Rename-Computer -NewName "SQL01" -Force
New-NetIPAddress -InterfaceAlias "Ethernet" -IPAddress 10.10.10.150 -PrefixLength 16 -DefaultGateway 10.10.10.1
Set-DnsClientServerAddress -InterfaceAlias "Ethernet" -ServerAddresses 10.10.10.10,10.10.10.11
Restart-Computer

Next I will:

• Add the computer to my domain
• Disable the Windows Firewall
• Set the Time Zone
• Enable Remote Desktop
• Add my SQL Administrators group to the Local Administrators group
• Reboot

Add-Computer -DomainName "opsmgr.net"
Set-NetFirewallProfile -Profile Domain,Public,Private -Enabled False
Set-TimeZone -Id "Central Standard Time"
Set-ItemProperty -Path 'HKLM:\System\CurrentControlSet\Control\Terminal Server' -name "fDenyTSConnections" -value 0
Add-LocalGroupMember -Group "Administrators" -Member "OPSMGR\sqladmins"
Restart-Computer

Now I will log on to each server using a domain account that is a SQL Administrator, so I can Install SQL and configure the Cluster.
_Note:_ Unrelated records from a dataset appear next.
(* Let $\mathcal A$ be finite, $r:\mathcal A\to[0,1]$, $\eta>0$, and $\pi^{\mathrm{ref}}\in\Delta(\mathcal A)$ with $\pi^{\mathrm{ref}}(a)>0$ for all $a$. Let $\hat\pi\in\Delta(\mathcal A)$ be any distribution with $\mathrm{supp}(\hat\pi)=\mathcal A$. Then $$\mathrm{SubOpt}(\hat\pi)=\eta^{-1}\,\mathbb E_{a\sim\pi^{\mathrm{ref}}}\Big[\psi\Big(\frac{\hat\pi(a)}{\pi^*(a)}\Big)\Big],\qquad\text{where }\psi(x)=x-1-\log x.$$
   Context: $J(\pi)=\sum_ar(a)\pi(a)-\eta^{-1}\mathrm{KL}(\pi^{\mathrm{ref}}\|\pi)$ with $\mathrm{KL}(P\|Q)=\sum_aP(a)\log(P(a)/Q(a))$; $\pi^*$ is the unique maximizer of $J$ over $\Delta(\mathcal A)$; $\mathrm{SubOpt}(\pi)=J(\pi^* )-J(\pi)$. *)

From HB Require Import structures.
From mathcomp Require Import all_boot all_order all_algebra.
From mathcomp Require Import all_classical all_reals all_analysis.
Set Implicit Arguments. Unset Strict Implicit. Unset Printing Implicit Defensive.
Import Order.TTheory GRing.Theory Num.Theory.
Local Open Scope ring_scope.

Definition is_dist (R : realType) (A : finType) (p : A -> R) : Prop :=
  (forall a, 0 <= p a) /\ \sum_(a : A) p a = 1.

Definition KL (R : realType) (A : finType) (P Q : A -> R) : \bar R :=
  (\sum_(a : A)
     (if P a == 0%R then 0%E
      else if Q a == 0%R then +oo%E
      else (P a * ln (P a / Q a))%:E))%E.

Definition J (R : realType) (A : finType) (r : A -> R) (eta : R)
    (pref p : A -> R) : \bar R :=
  ((\sum_(a : A) r a * p a)%:E - (eta^-1)%:E * KL pref p)%E.

Definition SubOpt (R : realType) (A : finType) (r : A -> R) (eta : R)
    (pref pistar p : A -> R) : \bar R :=
  (J r eta pref pistar - J r eta pref p)%E.

Definition psi (R : realType) (x : R) : R := x - 1 - ln x.

From HB Require Import structures.
From mathcomp Require Import all_boot all_order all_algebra.
From mathcomp Require Import all_classical all_reals all_analysis.
From mathcomp Require Import ring lra.
Import Order.TTheory GRing.Theory Num.Theory.
Local Open Scope ring_scope.

(* The maximiser pistar has full support: otherwise KL(pref || pistar) = +oo
   and J(pistar) = -oo < J(pref).  On full-support distributions J is, up to
   an additive constant, the smooth function
     Jlog(q) = sum_a r(a) q(a) + eta^-1 sum_a pref(a) log q(a).
   The line t |-> pistar + t (pihat - pistar) stays in the open simplex for
   -min pistar < t < 1, so t = 0 is an interior maximum of Jlog along it and
   Fermat's rule gives the first-order condition
     sum_a (r(a) + eta^-1 pref(a) / pistar(a)) (pihat(a) - pistar(a)) = 0.
   Substituting it into Jlog(pistar) - Jlog(pihat) leaves exactly
   eta^-1 sum_a pref(a) psi(pihat(a) / pistar(a)). *)

Section RealLemmas.
Context {R : realType}.

Lemma is_derive_sum_fintype (I : finType) (h : I -> R -> R) (x : R)
    (dh : I -> R) :
  (forall i, is_derive x 1 (h i) (dh i)) ->
  is_derive x 1 (fun y => \sum_i h i y) (\sum_i dh i).
Proof.
move=> hd; have -> : (fun y => \sum_i h i y) = \sum_i h i.
  by apply/funext => y; rewrite fct_sumE.
by elim/big_ind2 : _ => // *; [exact: is_derive_cst | exact: is_deriveD].
Qed.

Lemma is_derive_affine (x k t : R) : is_derive t 1 (fun s => x + s * k) k.
Proof.
have := is_deriveD (is_derive_cst x t 1)
  (is_deriveM (is_derive_id t 1) (is_derive_cst k t 1)).
by rewrite scaler0 add0r scaler1 add0r.
Qed.

Lemma is_derive_ln_affine {x k t : R} : 0 < x + t * k ->
  is_derive t 1 (fun s => ln (x + s * k)) ((x + t * k)^-1 * k).
Proof.
move=> pos.
exact: (@is_derive1_comp R (@ln R) (fun s => x + s * k) t _ _
  (is_derive1_ln pos) (is_derive_affine x k t)).
Qed.

Lemma line_gt0 (x y t : R) :
  0 < x -> 0 <= y <= 1 -> -x < t < 1 -> 0 < x + t * (y - x).
Proof.
move=> x_gt0 /andP[y_ge0 y_le1] /andP[xt t_lt1].
have [t_ge0|t_lt0] := leP 0 t.
  have : 0 < (1 - t) * x by rewrite mulr_gt0 // subr_gt0.
  have : 0 <= t * y by rewrite mulr_ge0.
  lra.
have : t <= t * y by rewrite ler_nMr.
have : 0 <= - t * x by rewrite mulr_ge0 // ?oppr_ge0 ltW.
lra.
Qed.

End RealLemmas.

Section RegularizedObjective.
Context {R : realType} {A : finType}.

Lemma dist_le1 {p : A -> R} a : is_dist p -> p a <= 1.
Proof. by case=> p_ge0 <-; rewrite (bigD1 a) //= lerDl sumr_ge0. Qed.

Definition Jlog (r : A -> R) (eta : R) (pref q : A -> R) : R :=
  \sum_a r a * q a + eta^-1 * \sum_a pref a * ln (q a).

Lemma is_derive_Jlog_line r eta pref {q v : A -> R} {t : R} :
  (forall a, 0 < q a + t * v a) ->
  is_derive t 1 (fun s => Jlog r eta pref (fun a => q a + s * v a))
    (\sum_a r a * v a
     + eta^-1 * \sum_a pref a * ((q a + t * v a)^-1 * v a)).
Proof.
move=> pos; apply: is_deriveD.
  apply: is_derive_sum_fintype => a.
  exact: (is_deriveZ (r a) (is_derive_affine (q a) (v a) t)).
apply: (is_deriveZ eta^-1); apply: is_derive_sum_fintype => a.
exact: (is_deriveZ (pref a) (is_derive_ln_affine (pos a))).
Qed.

Lemma Jlog_argmax_first_order {r eta pref} {q p : A -> R} :
  is_dist q -> (forall a, 0 < q a) -> is_dist p ->
  (forall s, is_dist s -> (forall a, 0 < s a) ->
     Jlog r eta pref s <= Jlog r eta pref q) ->
  \sum_a r a * (p a - q a) + eta^-1 * \sum_a pref a * ((p a - q a) / q a)
  = 0.
Proof.
move=> [_ q_sum1] q_gt0 p_dist q_max.
set v := fun a => p a - q a.
set m := \big[Order.min/1]_a q a.
have m_gt0 : 0 < m by apply: lt_bigmin.
have line_pos t : t \in `]-m, 1[ -> forall a, 0 < q a + t * v a.
  rewrite in_itv /= => /andP[mt t_lt1] a; apply: line_gt0 => //.
    by rewrite (dist_le1 a p_dist) andbT; case: p_dist.
  by rewrite t_lt1 andbT; apply: le_lt_trans mt; rewrite lerN2 bigmin_le.
have line_dist t :
    (forall a, 0 < q a + t * v a) -> is_dist (fun a => q a + t * v a).
  move=> pos; split=> [a|]; first exact: ltW.
  rewrite big_split /= -mulr_sumr sumrB q_sum1.
  by case: p_dist => _ ->; rewrite subrr mulr0 addr0.
have Nm_le1 : -m <= 1 by rewrite (@le_trans _ _ 0) // oppr_le0 ltW.
have zero_in : (0 : R) \in `]-m, 1[ by rewrite in_itv /= oppr_lt0 m_gt0 ltr01.
set f := fun t => Jlog r eta pref (fun a => q a + t * v a).
have f'0_eq0 : is_derive (0 : R) 1 f 0.
  apply: (derive1_at_max Nm_le1 _ zero_in) => t tI.
    by have [] := is_derive_Jlog_line r eta pref (line_pos t tI).
  have -> : f 0 = Jlog r eta pref q.
    by congr Jlog; apply/funext => a; rewrite mul0r addr0.
  exact: q_max (line_dist t (line_pos t tI)) (line_pos t tI).
have line0 a : 0 < q a + 0 * v a by rewrite mul0r addr0.
have [_ f'0] := is_derive_Jlog_line r eta pref line0.
have [_ fD0] := f'0_eq0; rewrite -[RHS]fD0 f'0; congr (_ + _ * _).
by apply: eq_bigr => a _; rewrite mul0r addr0 [_^-1 * _]mulrC.
Qed.

Lemma KL_pinfty {P Q : A -> R} {a} : P a != 0 -> Q a = 0 -> KL P Q = +oo%E.
Proof.
move=> Pa_neq0 Qa0; apply/esum_eqyP.
  by move=> i _; case: ifP => // _; case: ifP.
by exists a; rewrite (negbTE Pa_neq0) Qa0 eqxx.
Qed.

Lemma J_Jlog r eta (pref q : A -> R) :
  (forall a, 0 < pref a) -> (forall a, 0 < q a) ->
  J r eta pref q
  = (Jlog r eta pref q - eta^-1 * \sum_a pref a * ln (pref a))%:E.
Proof.
move=> pref_gt0 q_gt0; rewrite /J.
have -> : KL pref q =
    (\sum_a pref a * ln (pref a) - \sum_a pref a * ln (q a))%:E.
  rewrite /KL -sumrB -sumEFin; apply: eq_bigr => a _.
  by rewrite (gt_eqF (pref_gt0 a)) (gt_eqF (q_gt0 a)) ln_div ?posrE ?mulrBr.
by rewrite -EFinM -EFinB /Jlog; congr EFin; ring.
Qed.

Lemma J_argmax_gt0 {r eta} {pref q : A -> R} :
  0 < eta -> (forall a, 0 < pref a) -> is_dist pref -> is_dist q ->
  (forall p, is_dist p -> (J r eta pref p <= J r eta pref q)%E) ->
  forall a, 0 < q a.
Proof.
move=> eta_gt0 pref_gt0 pref_dist [q_ge0 _] q_max a.
rewrite lt_def q_ge0 andbT; apply/eqP => qa0.
have := q_max pref pref_dist.
rewrite [X in (_ <= X)%E]/J (KL_pinfty (lt0r_neq0 (pref_gt0 a)) qa0).
by rewrite mulry gtr0_sg ?invr_gt0 // mul1e /= leeNy_eq J_Jlog.
Qed.

Lemma SubOpt_Jlog r eta (pref q p : A -> R) :
  (forall a, 0 < pref a) -> (forall a, 0 < q a) -> (forall a, 0 < p a) ->
  SubOpt r eta pref q p = (Jlog r eta pref q - Jlog r eta pref p)%:E.
Proof. by move=> *; rewrite /SubOpt !J_Jlog // -EFinB; congr EFin; ring. Qed.

Lemma sum_psi_ratio (w p q : A -> R) :
  (forall a, 0 < p a) -> (forall a, 0 < q a) ->
  \sum_a w a * psi (p a / q a) =
  \sum_a w a * ((p a - q a) / q a)
  - (\sum_a w a * ln (p a) - \sum_a w a * ln (q a)).
Proof.
move=> p_gt0 q_gt0; rewrite -!sumrB; apply: eq_bigr => a _.
by rewrite /psi ln_div ?posrE // mulrBl divff ?gt_eqF //; ring.
Qed.

Lemma Jlog_argmax_gap {r eta} {pref q p : A -> R} :
  is_dist q -> (forall a, 0 < q a) -> is_dist p -> (forall a, 0 < p a) ->
  (forall s, is_dist s -> (forall a, 0 < s a) ->
     Jlog r eta pref s <= Jlog r eta pref q) ->
  Jlog r eta pref q - Jlog r eta pref p
  = eta^-1 * \sum_a pref a * psi (p a / q a).
Proof.
move=> q_dist q_gt0 p_dist p_gt0 q_max.
have := Jlog_argmax_first_order q_dist q_gt0 p_dist q_max.
rewrite sum_psi_ratio // /Jlog.
under eq_bigr do rewrite mulrBr.
by rewrite sumrB => first_order; lra.
Qed.

End RegularizedObjective.

Theorem lemmaE1 (R : realType) (A : finType) (r : A -> R) (eta : R)
    (pref pistar pihat : A -> R) :
  (forall a, 0 <= r a <= 1) ->
  0 < eta ->
  is_dist pref -> (forall a, 0 < pref a) ->
  (* p* is the unique maximizer of J over Delta(A) *)
  is_dist pistar ->
  (forall p, is_dist p -> (J r eta pref p <= J r eta pref pistar)%E) ->
  (forall p, is_dist p ->
     (forall q', is_dist q' -> (J r eta pref q' <= J r eta pref p)%E) ->
     p = pistar) ->
  (* pihat in Delta(A) with full support *)
  is_dist pihat -> (forall a, pihat a != 0) ->
  SubOpt r eta pref pistar pihat =
    ((eta^-1 * \sum_(a : A) pref a * psi (pihat a / pistar a))%:E)%E.
Proof.
move=> _ eta_gt0 pref_dist pref_gt0 pistar_dist pistar_max _
  pihat_dist pihat_neq0.
have pihat_gt0 a : 0 < pihat a.
  by rewrite lt_def pihat_neq0; case: pihat_dist => ->.
have pistar_gt0 :=
  J_argmax_gt0 eta_gt0 pref_gt0 pref_dist pistar_dist pistar_max.
rewrite SubOpt_Jlog // (Jlog_argmax_gap pistar_dist pistar_gt0 pihat_dist
  pihat_gt0) //.
move=> s s_dist s_gt0; have := pistar_max s s_dist.
by rewrite !J_Jlog // lee_fin lerD2r.
Qed.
I will map a drive to my SQL media, and install SQL server.

NET USE Y: '\\server\software\sql\2019\2019 ENT'
Y:\setup.exe /qs /ACTION=Install /FEATURES=SQLEngine,FullText /INSTANCENAME=INST01 /SQLSVCACCOUNT='OPSMGR\sqlsvc' /SQLSVCPASSWORD='password' /SQLSYSADMINACCOUNTS='OPSMGR\sqladmins' /AGTSVCACCOUNT='OPSMGR\sqlsvc' /AGTSVCPASSWORD='password' /AGTSVCSTARTUPTYPE=Automatic /TCPENABLED=1 /SQLSVCINSTANTFILEINIT=True /INSTALLSQLDATADIR='D:\Program Files\Microsoft SQL Server' /SQLBACKUPDIR='G:\SQL\INST01\Backup' /SQLUSERDBDIR='G:\SQL\INST01\DATA' /SQLUSERDBLOGDIR='L:\SQL\INST01\LOGS' /USESQLRECOMMENDEDMEMORYLIMITS /IACCEPTSQLSERVERLICENSETERMS

Then I will install the Failover Clustering Feature

Install-WindowsFeature Failover-Clustering –IncludeManagementTools

Next I will pre-create the Cluster Computer Account in the domain for the Cluster Name Object (CNO).  Normally your Active Directory administrators would do this.

I need to disable the account and assign FULL CONTROL to the user account performing the cluster installation on the CNO.  My CNO will be named “SQLCL01”.  My user account doing the install of SQL and Clustering is OPSMGR\sqladmin.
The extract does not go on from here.